Thanks for the reply.
R2 and C3 is a low pass filter?

What is R1 and C1 used for?
N_N

Added after 4 hours 2 minutes:


So if Isource is 4 to 20mA and approaches the Z-diode as Iout, then Iout is actually 0.73 - 3.6mA (by using formula for current divider Iout = Isource*(R4/(R4+R3)) ).

Carrying the current over R2 gives an approximate Voltage into the ADC of 0.73 - 3.3 (3.6V but limited by the Z-diode).
This is an inherited design to me, but shouldn't there be a zero voltage option into the ADC?

Am I missing something?
Thanks!
N_N

 

[laktronics]

Hi,
Yes, you are missing a ground connection, D1 anode to be connected to ground.

Regards,
Laktronics

 

[FvM]

I had been complementing the missing ground connection on my own cause the circuit wouldn't make minimum sense without it.

 

[Nora]

Yes, that was a mistake...there should be a connection from D1 to signal ground.
New schematic attached- note also that C3 is now C2.

FvM- does the analysis I suggested make sense?

N_N

 

[FvM]

does the analysis I suggested make sense

No. Assuming a high impedance ADC input and ignoring zener leakage current, you have 1k+1k = 2k in parallel to 220R, a current divider factor of 0.10 and a 1k shunt to the ADC. As a result, you get the output voltages I previously mentioned.

 

[Nora]

Thanks FvM, that makes sense.
I simulated the circuit as well as following your calculations and got the same results.

When analyzing a circuit with a zener in it for voltages and currents, how do you analyze the zener- ? I thought of it as a high impedance- open circuit- non-existant..??

Also, if R2 is changed, say to 2k, then the output voltage to the ADC should double.
However, in the simulation, it remains the same.

:?:

Thanks in advance- this is really helpful
N_N

 

[Kral]

Nora, FvM is correct regarding the "soft" regulation characteristic of a 3.3V Zener. In general, the higher the Zener voltage, the sharper the knee. If you have a 3.3V supply available, then a better way to clip the input is to connect a diode between the point to be regulated (junction of R1, R3) and the 3.3V supply. The cathode goes to the 3.3V supply.
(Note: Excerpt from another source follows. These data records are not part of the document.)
(* Let $\Omega\subset\mathbb{R}^3$ be a MAC compatible bounded domain and $\mathcal D=(\mathcal M,\mathcal E)$ a MAC grid of $\Omega$. For $i,j\in\{1,2,3\}$ define $\mathcal R^{(i,j)}_{\mathcal E}:H^{(i)}_{\mathcal E,0}\to H^{(j)}_{\mathcal E,0}$ by $\mathcal R^{(i,j)}_{\mathcal E}v=\sum_{\sigma\in\mathcal E^{(j)}_{\rm int}}(\mathcal R^{(i,j)}_{\mathcal E}v)_\sigma\mathbb 1_{D_\sigma}$, where $(\mathcal R^{(i,i)}_{\mathcal E}v)_\sigma=v_\sigma$ and, for $j\neq i$ and $\sigma=K|L\in\mathcal E^{(j)}_{\rm int}$, $(\mathcal R^{(i,j)}_{\mathcal E}v)_\sigma=\frac14\sum_{\sigma'\in\mathcal N_\sigma}v_{\sigma'}$ with $\mathcal N_\sigma=\{\sigma'\in\mathcal E^{(i)}:\sigma'\in\mathcal E(K)\cup\mathcal E(L)\}$. For $i\in\{1,2,3\}$ define $\mathcal R^{(i)}_{\mathcal M}:H^{(i)}_{\mathcal E}\to L_{\mathcal M}$ by $(\mathcal R^{(i)}_{\mathcal M}v)_K=\frac12\sum_{\sigma\in\mathcal E^{(i)}\cap\mathcal E(K)}v_\sigma$ on each $K$. Then there exists $C\ge0$, depending only on $\eta_{\mathcal M}$ and non-increasing with respect to it, such that for all $1\le q<\infty$ and all $i,j\in\{1,2,3\}$: $\|\mathcal R^{(i,j)}_{\mathcal E}v\|_{L^q(\Omega)}\le C\|v\|_{L^q(\Omega)}$ for all $v\in H^{(i)}_{\mathcal E,0}$, and $\|\mathcal R^{(i)}_{\mathcal M}v\|_{L^q(\Omega)}\le C\|v\|_{L^q(\Omega)}$ for all $v\in H^{(i)}_{\mathcal E}$.
   Context: MAC compatible domain: bounded connected open $\Omega$ whose closure is a finite union of closed rectangular parallelepipeds with faces orthogonal to the canonical basis $\boldsymbol e_1,\boldsymbol e_2,\boldsymbol e_3$. MAC grid: $\mathcal M$ a structured partition of $\Omega$ into rectangular parallelepipeds $K$; $\mathcal E$ the set of faces, $\mathcal E(K)$ the faces of $K$, $\mathcal E^{(i)}$ the faces orthogonal to $\boldsymbol e_i$ ($\mathcal E^{(i)}_{\rm int}$ interior ones); $\sigma=K|L$ the common face of $K,L$; $D_{K,\sigma}$ the half of $K$ adjacent to $\sigma$, dual cell $D_\sigma=D_{K,\sigma}\cup D_{L,\sigma}$ for $\sigma=K|L$, $D_\sigma=D_{K,\sigma}$ for boundary $\sigma$. $\boldsymbol x_\sigma$ mass centre of $\sigma$; $h_{\mathcal M}=\max_K\operatorname{diam}K$; $\eta_{\mathcal M}=\frac1{h_{\mathcal M}}\min_K\min_i\{|\boldsymbol x_\sigma-\boldsymbol x_{\sigma'}|:\sigma\ne\sigma'\in\mathcal E^{(i)}\cap\mathcal E(K)\}$. $L_{\mathcal M}$: functions constant on each cell. $H^{(i)}_{\mathcal E}$: functions constant on each $D_\sigma$, $\sigma\in\mathcal E^{(i)}$ (value $v_\sigma$); $H^{(i)}_{\mathcal E,0}$: those with $v_\sigma=0$ for boundary faces $\sigma$. *)

From HB Require Import structures.
From mathcomp Require Import all_boot all_order all_algebra.
From mathcomp Require Import all_classical all_reals.
From mathcomp Require Import topology normedtype exp.
Set Implicit Arguments. Unset Strict Implicit. Unset Printing Implicit Defensive.
Import Order.TTheory GRing.Theory Num.Theory.
Import numFieldNormedType.Exports.
Local Open Scope classical_set_scope.
Local Open Scope ring_scope.

(* Raw data of a Cartesian (structured) grid in R^3 together with the set  *)
(* of its active cells.  Grid lines in direction k (k : 'I_3) are the      *)
(* reals  pts k 0 < pts k 1 < ... < pts k N.  A cell index (and a face     *)
(* index) is a triple K : 'I_3 -> 'I_N.+1 ; the cell K is the closed box   *)
(*   prod_k [pts k (K k), pts k (K k).+1].                                 *)
(* A face orthogonal to e_i is given by the pair (i, f); it is the set     *)
(*   { x | x_i = pts i (f i), x_k in [pts k (f k), pts k (f k).+1], k<>i }. *)
Record mesh (R : realType) := Mesh {
  N : nat;
  pts : 'I_3 -> nat -> R;
  active : {set {ffun 'I_3 -> 'I_N.+1}}
}.

Definition cellT (R : realType) (G : mesh R) := {ffun 'I_3 -> 'I_(N G).+1}.

Section MAC.
Variables (R : realType) (G : mesh R).
Local Notation cell := (cellT G).

Definition cellbox (K : cell) : set 'rV[R]_3 :=
  [set x | forall k : 'I_3, pts G k (K k) <= x ord0 k <= pts G k (K k).+1].

Definition Omega : set 'rV[R]_3 :=
  interior (\bigcup_(K in [set K | K \in active G]) cellbox K).

Definition is_MAC_grid : Prop :=
  [/\ forall (k : 'I_3) (n : nat), (n < N G)%N -> pts G k n < pts G k n.+1,
      forall K, K \in active G -> forall k, (K k < N G)%N,
      Omega !=set0 & connected Omega].

Definition width (k : 'I_3) (K : cell) : R := pts G k (K k).+1 - pts G k (K k).
Definition vol (K : cell) : R := \prod_(k < 3) width k K.

(* faceOf i f K : the face (i,f), orthogonal to e_i, belongs to E(K) *)
Definition faceOf (i : 'I_3) (f K : cell) : bool :=
  [forall k, (k != i) ==> (f k == K k)] &&
  ((f i == K i :> nat) || (f i == (K i).+1 :> nat)).

Definition inE (i : 'I_3) (f : cell) : bool :=
  [exists K in active G, faceOf i f K].

Definition inEint (i : 'I_3) (f : cell) : bool :=
  [exists K in active G, [exists L in active G,
     [&& K != L, faceOf i f K & faceOf i f L]]].

(* |D_sigma| : sum of the measures of the half cells D_{K,sigma} *)
Definition dualvol (i : 'I_3) (f : cell) : R :=
  \sum_(K in active G | faceOf i f K) vol K / 2.

(* discrete functions: v : cell -> R, v f = v_sigma for sigma = (i,f).
   H^(i)_{E,0} : vanishing on boundary faces *)
Definition in_H0 (i : 'I_3) (v : cell -> R) : Prop :=
  forall f, inE i f -> ~~ inEint i f -> v f = 0.

(* L^q(Omega) norm of  sum_{sigma in E^(i)} v_sigma 1_{D_sigma} *)
Definition normE (i : 'I_3) (q : R) (v : cell -> R) : R :=
  (\sum_(f | inE i f) dualvol i f * (`|v f| `^ q)) `^ q^-1.

(* L^q(Omega) norm of  sum_{K in M} u_K 1_K *)
Definition normM (q : R) (u : cell -> R) : R :=
  (\sum_(K in active G) vol K * (`|u K| `^ q)) `^ q^-1.

Definition Rij (i j : 'I_3) (v : cell -> R) : cell -> R := fun s =>
  if inEint j s then
    (if i == j then v s
     else 4^-1 * \sum_(s' | [exists K in active G, faceOf j s K && faceOf i s' K])
                    v s')
  else 0.

Definition RM (i : 'I_3) (v : cell -> R) : cell -> R := fun K =>
  2^-1 * \sum_(s | faceOf i s K) v s.

Definition dist3 (a b : 'I_3 -> R) : R := Num.sqrt (\sum_(k < 3) (a k - b k) ^+ 2).

(* mass centre x_sigma of the face sigma = (i,f) *)
Definition xface (i : 'I_3) (f : cell) : 'I_3 -> R := fun k =>
  if k == i then pts G k (f k) else (pts G k (f k) + pts G k (f k).+1) / 2.

Definition diam (K : cell) : R :=
  dist3 (fun k => pts G k (K k)) (fun k => pts G k (K k).+1).

Definition hM : R := \big[Num.max/0]_(K in active G) diam K.

(* eta_M = (1/h_M) min_K min_i { |x_s - x_s'| : s <> s' in E^(i) cap E(K) }
   (the default value hM of the iterated min is never reached, since
    every such distance is <= diam K <= hM) *)
Definition etaM : R :=
  (\big[Num.min/hM]_(K in active G) \big[Num.min/hM]_(i < 3)
     \big[Num.min/hM]_(s | faceOf i s K) \big[Num.min/hM]_(s' | faceOf i s' K && (s != s'))
        dist3 (xface i s) (xface i s')) / hM.

End MAC.

Arguments cellbox {R} G K.
Arguments Omega {R} G.
Arguments is_MAC_grid {R} G.
Arguments width {R} G k K.
Arguments vol {R} G K.
Arguments faceOf {R} G i f K.
Arguments inE {R} G i f.
Arguments inEint {R} G i f.
Arguments dualvol {R} G i f.
Arguments in_H0 {R} G i v.
Arguments normE {R} G i q v.
Arguments normM {R} G q u.
Arguments Rij {R} G i j v.
Arguments RM {R} G i v.
Arguments xface {R} G i f.
Arguments diam {R} G K.
Arguments hM {R} G.
Arguments etaM {R} G.

(* Each of the averaging operators takes means of at most four values of v
   on faces of the cells adjacent to a face (or of a cell), so the q-th power
   of an averaged value is bounded by the sum of the q-th powers of the
   values averaged.  Summing against the volumes of the dual cells and
   exchanging the order of summation, every cell is counted at most twice,
   and the volume of a dual cell is at most |K| / eta_M for each cell K it
   meets: two neighbouring cells share all widths but one, and every width
   lies between eta_M h_M and h_M.  Hence ||R v||_q^q <= (4 / eta_M) ||v||_q^q,
   and C(eta) = 4 / eta works. *)

From Pilot Require Import Defs.
From HB Require Import structures.
From mathcomp Require Import all_boot all_order all_algebra.
From mathcomp Require Import all_classical all_reals.
From mathcomp Require Import topology normedtype exp.
From mathcomp Require Import zify ring.
Set Implicit Arguments. Unset Strict Implicit. Unset Printing Implicit Defensive.
Import Order.TTheory GRing.Theory Num.Theory.
Local Open Scope ring_scope.

Section PowerSums.
Variable R : realType.

Lemma sum_le_card_mul (T : finType) (P : pred T) (x : T -> R) (c : R) (n : nat) :
  0 <= c -> (#|[pred t | P t]| <= n)%N -> (forall t, P t -> x t <= c) ->
  \sum_(t | P t) x t <= n%:R * c.
Proof.
move=> c0 hn hx; apply: le_trans (ler_sum _ hx) _.
by rewrite sumr_const -[_ *+ _]mulr_natl ler_wpM2r // ler_nat.
Qed.

Lemma sum_powR_le (T : finType) (P : pred T) (x : T -> R) (q : R) (n : nat) :
  1 <= q -> (forall t, 0 <= x t) -> (#|[pred t | P t]| <= n)%N ->
  (\sum_(t | P t) x t) `^ q <= n%:R `^ q * \sum_(t | P t) x t `^ q.
Proof.
move=> q1 x0 hn; have q0 : q != 0 by rewrite gt_eqF // (lt_le_trans _ q1).
set M := \big[Num.max/0]_(t | P t) x t.
have [M0 HM] : 0 <= M /\ M `^ q <= \sum_(t | P t) x t `^ q.
  apply: (big_ind2 (fun m s => 0 <= m /\ m `^ q <= s)) => [|a1 a2 b1 b2 [a0 ha] [b0 hb]|t _].
  - by rewrite powR0.
  - have a20 := le_trans (powR_ge0 _ _) ha; have b20 := le_trans (powR_ge0 _ _) hb.
    split; first by rewrite le_max a0.
    by have [_|_] := leP a1 b1; [rewrite (le_trans hb) // lerDr | rewrite (le_trans ha) // lerDl].
  - by [].
have Hs : \sum_(t | P t) x t <= n%:R * M.
  by apply: sum_le_card_mul => // t Pt; exact: le_bigmax_cond.
apply: (@le_trans _ _ ((n%:R * M) `^ q)).
  apply: ge0_ler_powR => //; first exact: le_trans ler01 q1.
  - by rewrite nnegrE sumr_ge0.
  - by rewrite nnegrE mulr_ge0.
by rewrite powRM // ler_wpM2l // powR_ge0.
Qed.

Lemma powR_invr_le (q S1 S2 c : R) : 0 < q -> 0 <= S1 -> 0 <= S2 -> 0 <= c ->
  S1 <= c `^ q * S2 -> S1 `^ q^-1 <= c * S2 `^ q^-1.
Proof.
move=> q0 S10 S20 c0 H.
apply: (@le_trans _ _ ((c `^ q * S2) `^ q^-1)).
  apply: ge0_ler_powR => //; first by rewrite invr_ge0 ltW.
  by rewrite nnegrE mulr_ge0 ?powR_ge0.
by rewrite powRM ?powR_ge0 // -powRrM mulfV ?gt_eqF // powRr1.
Qed.

End PowerSums.

Section Mesh.
Variables (R : realType) (G : mesh R).
Local Notation cell := (cellT G).

Lemma faceOfP i (f K : cell) : faceOf G i f K ->
  (forall k, k != i -> f k = K k) /\ (f i = K i :> nat \/ f i = (K i).+1 :> nat).
Proof.
case/andP => /forallP H /orP H2; split.
  by move=> k kn; exact/eqP/(implyP (H k) kn).
by case: H2 => /eqP; auto.
Qed.

Lemma ffun_eq_off i (f g : cell) :
  (forall k, k != i -> f k = g k) -> f i = g i :> nat -> f = g.
Proof.
move=> off on; apply/ffunP => k.
by case: (eqVneq k i) => [->|kn]; [exact: val_inj | exact: off].
Qed.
Now you only have to be concerned with the reverse leakage of the diode. The voltage will be clipped at Vf +3.3V, where Vf is the forward drop across the diode (approx .65V). The 3.3V supply could be a 3.3V Zener with a high current (approx 20 mA) flowing through it, to ensure that the diode is reverse biased at voltages lower than 3.3V
Regards,
Kral

 

[FvM]

R2 is only determining the second filter time constant and - if the value is too high -causing offset errors due to ADC input leakage current. A sampling ADC can actually have a non-neglectable input current, so some caution is advisable here. Many ADC datsheets are specifying a maximum source resistance that shouldn't be exceeded to avoid input current induced errors.